From their website: http://swampline9.tumblr.com/
Twenty-four hours after taking over Enbridge’s North Westover pumping station, we’re still here, construction is stopped for a second day, and we’re confident we can hold the space for a while still. We’re confident that energy will continue to build through the weekend, and we invite anyone interested in helping us stop construction to drop by the site.
We are camped out at Enbridge’s North Westover facility, which is the local pump station for the Line 9 pipeline. Construction has been ongoing here since March, and one big question we’ve heard is exactly what kind of work are we stopping here.

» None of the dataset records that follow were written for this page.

(* Let $A$ be a finite alphabet, $f$ a bLSP morphism on $A$ and $a,b,c$ pairwise distinct letters of $A$. Then $f$ is LSP $(a,b,c)$-breaking if and only if the longest common prefix of $f(b)$ and $f(c)$ is strictly longer than the longest common prefix of $f(a)$ and $f(b)$.
   Context: A finite word $u$ is a left special factor of a word $w$ if there are distinct letters $x\neq y$ with $xu$ and $yu$ factors of $w$. A word is LSP if every left special factor of it is a prefix of it. A bLSP morphism on $A$ is an endomorphism $f$ of $A^*$ such that there is a letter $\alpha$ with $f(\alpha)=\alpha$ and, for every letter $\beta\neq\alpha$, there is a letter $\gamma$ with $f(\beta)=f(\gamma)\beta$. For pairwise distinct letters $a,b,c$, an infinite word $\mathbf{w}$ is $(a,b,c)$-fragile if there exist a finite word $u$ and distinct letters $\beta\neq\gamma$ such that $ua$ is a prefix of $\mathbf{w}$ and $\beta ub$, $\gamma uc$ are factors of $\mathbf{w}$. A morphism $f$ is LSP $(a,b,c)$-breaking if for every $(a,b,c)$-fragile infinite LSP word $\mathbf{w}$, $f(\mathbf{w})$ is not LSP. *)

From mathcomp Require Import all_boot.
Set Implicit Arguments. Unset Strict Implicit. Unset Printing Implicit Defensive.

Section Words.
Variable A : finType.

Definition morph (f : A -> seq A) (w : seq A) : seq A := flatten (map f w).

Definition iword := nat -> A.

(* Image of an infinite word under a non-erasing morphism f:
   letter n of f(w) is letter n of f(w_0 ... w_n) (which has length >= n+1
   when f is non-erasing, as every bLSP morphism is). *)
Definition morph_inf (f : A -> seq A) (w : iword) : iword :=
  fun n => nth (w 0) (morph f (mkseq w n.+1)) n.

Definition iprefix (u : seq A) (w : iword) : Prop :=
  forall j, j < size u -> w j = nth (w 0) u j.

Definition ifactor (u : seq A) (w : iword) : Prop :=
  exists i, forall j, j < size u -> w (i + j) = nth (w 0) u j.

Definition left_special (u : seq A) (w : iword) : Prop :=
  exists x y : A, x <> y /\ ifactor (x :: u) w /\ ifactor (y :: u) w.

Definition LSP (w : iword) : Prop :=
  forall u, left_special u w -> iprefix u w.

Definition bLSP (f : A -> seq A) : Prop :=
  exists alpha : A, f alpha = [:: alpha] /\
    forall beta, beta <> alpha -> exists gamma, f beta = f gamma ++ [:: beta].

Definition fragile (a b c : A) (w : iword) : Prop :=
  exists (u : seq A) (beta gamma : A), beta <> gamma /\
    iprefix (rcons u a) w /\ ifactor (beta :: rcons u b) w /\
    ifactor (gamma :: rcons u c) w.

Definition LSP_breaking (f : A -> seq A) (a b c : A) : Prop :=
  forall w : iword, fragile a b c w -> LSP w -> ~ LSP (morph_inf f w).

Fixpoint lcp (u v : seq A) : nat :=
  match u, v with
  | x :: u', y :: v' => if x == y then (lcp u' v').+1 else 0
  | _, _ => 0
  end.

End Words.

From mathcomp Require Import all_boot zify.
Set Implicit Arguments. Unset Strict Implicit. Unset Printing Implicit Defensive.

(* Every image [f x] of a bLSP morphism begins with [alpha], ends with [x],
   contains [alpha] only at its first position, and each of its prefixes is
   again an image [f z].  Hence in [f w] a letter [z != alpha] is always
   preceded by the penultimate letter of [f z], and the images of two words
   beginning with distinct letters [x], [y] share exactly [lcp (f x) (f y)]
   letters.
   If [lcp (f a) (f b) < lcp (f b) (f c) = k], the word [u] witnessing
   fragility yields the left special factor [f u ++ take k (f b)] of [f w],
   which is not a prefix since [f w] continues [f u] with [f a] and then
   [alpha].  Otherwise [(abc)^omega] is fragile and LSP, and so is its image:
   a left special factor of it begins with [alpha] at the starts of the images
   of two distinct letters, so it is a common prefix of two of [f a], [f b],
   [f c], hence a prefix of [f a]. *)

Section LongestCommonPrefix.
Variable A : finType.
Implicit Types r s t : seq A.

Lemma lcpC s t : lcp s t = lcp t s.
Proof. by elim: s t => [|x s IHs] [|y t] //=; rewrite eq_sym IHs. Qed.

Lemma leq_lcp n s t :
  (n <= lcp s t) = [&& n <= size s, n <= size t & take n s == take n t].
Proof.
elim: s t n => [|x s IHs] [|y t] [|n] //=; rewrite ?andbF // eqseq_cons.
by case: eqP => //= _; rewrite !ltnS ?IHs ?andbF.
Qed.

Lemma lcpss s : lcp s s = size s.
Proof. by elim: s => //= x s ->; rewrite eqxx. Qed.

Lemma lcp_sizel s t : lcp s t <= size s.
Proof. by have := leqnn (lcp s t); rewrite leq_lcp => /and3P[]. Qed.

Lemma lcp_sizer s t : lcp s t <= size t.
Proof. by rewrite lcpC lcp_sizel. Qed.

Lemma take_lcp s t : take (lcp s t) s = take (lcp s t) t.
Proof. by have := leqnn (lcp s t); rewrite leq_lcp => /and3P[_ _ /eqP]. Qed.

Lemma lcp_trans n r s t : n <= lcp r s -> n <= lcp s t -> n <= lcp r t.
Proof.
rewrite !leq_lcp => /and3P[-> _ /eqP->] /and3P[_ -> /eqP->]; by rewrite eqxx.
Qed.

Lemma lcp_catl p s t : lcp (p ++ s) (p ++ t) = size p + lcp s t.
Proof. by elim: p => //= x p ->; rewrite eqxx. Qed.

Lemma lcp_cat s t r r' :
  lcp s t < size s -> lcp s t < size t -> lcp (s ++ r) (t ++ r') = lcp s t.
Proof.
elim: s t => [|x s IHs] [|y t] //=; case: eqP => //= _.
by rewrite !ltnS => /IHs lt_s /lt_s ->.
Qed.

End LongestCommonPrefix.

Section InfiniteWords.
Variable A : finType.
Implicit Types (s t r : seq A) (w : iword A).

Definition ishift w i : iword A := fun n => w (i + n).

Lemma mkseqD w m n : mkseq w (m + n) = mkseq w m ++ mkseq (ishift w m) n.
Proof. by rewrite /mkseq iotaD map_cat add0n -[m]addn0 iotaDl -map_comp addn0. Qed.
(* If [a <> 0], then [p(x+1) = c p(x)] on the naturals forces
   [p \Po ('X + 1) = c *: p]; compare leading coefficients to get [c = 1]. *)
Lemma polynomial_fun_geometric f c a :
  polynomial_fun f -> (forall m, f m%:R = c ^+ m * a) -> forall x, f x = a.
Proof.
move=> [p fp] f_nat x.
have c1 : a != 0 -> c = 1.
  move=> a_neq0; have p_neq0 : p != 0.
    by apply: contraNneq a_neq0 => p0; rewrite -[a]mul1r -(expr0 c) -f_nat fp p0 horner0.
  have : p \Po ('X + 1%:P) - c *: p = 0.
    apply: (@poly_eq0_nat _ 0) => m _.
    rewrite hornerD hornerN hornerZ horner_comp hornerD hornerX hornerC natr1 -!fp !f_nat.
    by rewrite exprS mulrA subrr.
  move/eqP; rewrite subr_eq0 => /eqP/(congr1 lead_coef).
  rewrite lead_coef_comp ?size_XaddC // lead_coefXaddC expr1n mulr1 lead_coefZ.
  by move/eqP; rewrite -{1}[lead_coef p]mul1r (inj_eq (mulIf _)) ?lead_coef_eq0 // => /eqP.
have : p - a%:P = 0.
  apply: (@poly_eq0_nat _ 0) => m _; rewrite hornerD hornerN hornerC -fp f_nat.
  by have [-> | /c1 ->] := eqVneq a 0; rewrite ?mulr0 ?expr1n ?mul1r subrr.
by move/eqP; rewrite subr_eq0 => /eqP p_a; rewrite fp p_a hornerC.
Qed.

Definition poly_curve m k (F : C -> 'M[C]_(m, k)) :=
  forall i j, polynomial_fun (fun t => F t i j).

Lemma poly_curve_mull l m k (A : 'M[C]_(l, m)) (F : C -> 'M[C]_(m, k)) :
  poly_curve F -> poly_curve (fun t => A *m F t).
Proof.
move=> F_poly i j; have [p Fp] := @polynomial_fun_sum _ (fun r t => A i r * F t r j)
  (fun r => polynomial_funM (polynomial_fun_cst _) (F_poly r j)).
by exists p => t; rewrite mxE Fp.
Qed.

Lemma poly_curve_mulr m k l (F : C -> 'M[C]_(m, k)) (B : 'M[C]_(k, l)) :
  poly_curve F -> poly_curve (fun t => F t *m B).
Proof.
move=> F_poly i j; have [p Fp] := @polynomial_fun_sum _ (fun r t => F t i r * B r j)
  (fun r => polynomial_funM (F_poly i r) (polynomial_fun_cst _)).
by exists p => t; rewrite mxE Fp.
Qed.

Lemma poly_curve_geometric m k (F : C -> 'M[C]_(m, k)) c X :
  poly_curve F -> (forall j, F j%:R = c ^+ j *: X) -> forall t, F t = X.
Proof.
move=> F_poly F_nat t; apply/matrixP => i j.
by apply: (polynomial_fun_geometric (F_poly i j)) => r; rewrite F_nat mxE.
Qed.

Lemma poly_curve_additive m k (F : C -> 'M[C]_(m, k)) :
  poly_curve F -> {morph F : s t / s + t} -> forall t, F t = t *: F 1.
Proof.
move=> F_poly F_add t; apply/eqP; rewrite -subr_eq0; apply/eqP.
have F_nat j : F j%:R = j%:R *: F 1.
  elim: j => [|j IH]; last by rewrite -natr1 F_add IH scalerDl scale1r.
  by apply/(@addIr _ (F 0)); rewrite -F_add !addr0 scale0r add0r.
apply: (@poly_curve_geometric _ _ (fun t => F t - t *: F 1) 1 0) => [i j|j].
  have [p Fp] := polynomial_funB (F_poly i j)
    (polynomial_funM polynomial_fun_id (polynomial_fun_cst (F 1 i j))).
  by exists p => s; rewrite !mxE Fp.
by rewrite F_nat subrr scaler0.
Qed.

End PolynomialFunctions.

Section ZariskiClosure.
Variable C : fieldType.

Definition form_mpoly N (l : 'rV[C]_N) : mpoly N C :=
  \sum_i l 0 i *: mpolyX C (mnm1 i).

Lemma meval_form_mpoly N (l : 'rV[C]_N) (v : 'cV[C]_N) :
  meval (fun i => v i 0) (form_mpoly l) = (l *m v) 0 0.
Proof.
rewrite /form_mpoly raddf_sum mxE; apply: eq_bigr => i _.
by rewrite /= mevalZ mevalXU.
Qed.

Lemma zar_closure_form N (S : 'cV[C]_N -> Prop) (l : 'rV[C]_N) p :
  zar_closure S p -> (forall v, v != 0 -> S v -> l *m v = 0) -> l *m p = 0.
Proof.
move=> Sp lS; rewrite [l *m p]mx11_scalar -meval_form_mpoly Sp ?raddf0 // => v v0 Sv.
by rewrite meval_form_mpoly lS // mxE.
Qed.

Lemma separating_form N k (B : 'M[C]_(k, N)) (u : 'rV[C]_N) :
  ~~ (u <= B)%MS -> exists l : 'cV[C]_N, B *m l = 0 /\ u *m l != 0.
Proof.
rewrite submxE => uB; have [j uBj] : exists j, (u *m cokermx B) 0 j != 0.
  apply/existsP; apply: contraR uB; rewrite negb_exists => /forallP uB0.
  by apply/eqP/rowP => j; rewrite [RHS]mxE; apply/eqP; move: (uB0 j); rewrite negbK.
exists (cokermx B *m delta_mx j 0); split; first by rewrite mulmxA mulmx_coker mul0mx.
by apply: contraNneq uBj; rewrite mulmxA -colE => /colP/(_ 0); rewrite !mxE => ->.
Qed.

Although Enbridge’s spin master Ken Hall was quick to say that it was just a valve replacement, we have several reasons for believing this is just another lie from them.
First, Enbrige registered this work with the National Energy Board, which they would not have been required to do if it was simply a valve replacement. Further, their move this past week to round-the-clock shifts seven days a week (as opposed to their previous 9-5 construction schedule) shows a sense of urgency in completing time sensitive work. And when we first arrived on the site, workers departing told us that the work is a larger replacement/repair of a stretch of pipe and that this section of Line 9 is currently closed! Although, according to these employees, Enbridge has been able to reroute some of their product, they are moving oil well below their capacity, which means they are losing money while this work is unfinished. This explains the increased number of workers and the rush schedule, and perhaps gives some context to remarks we overheard Ken Hall making on the phone: “I know, I know it’s a really a bad time for this…”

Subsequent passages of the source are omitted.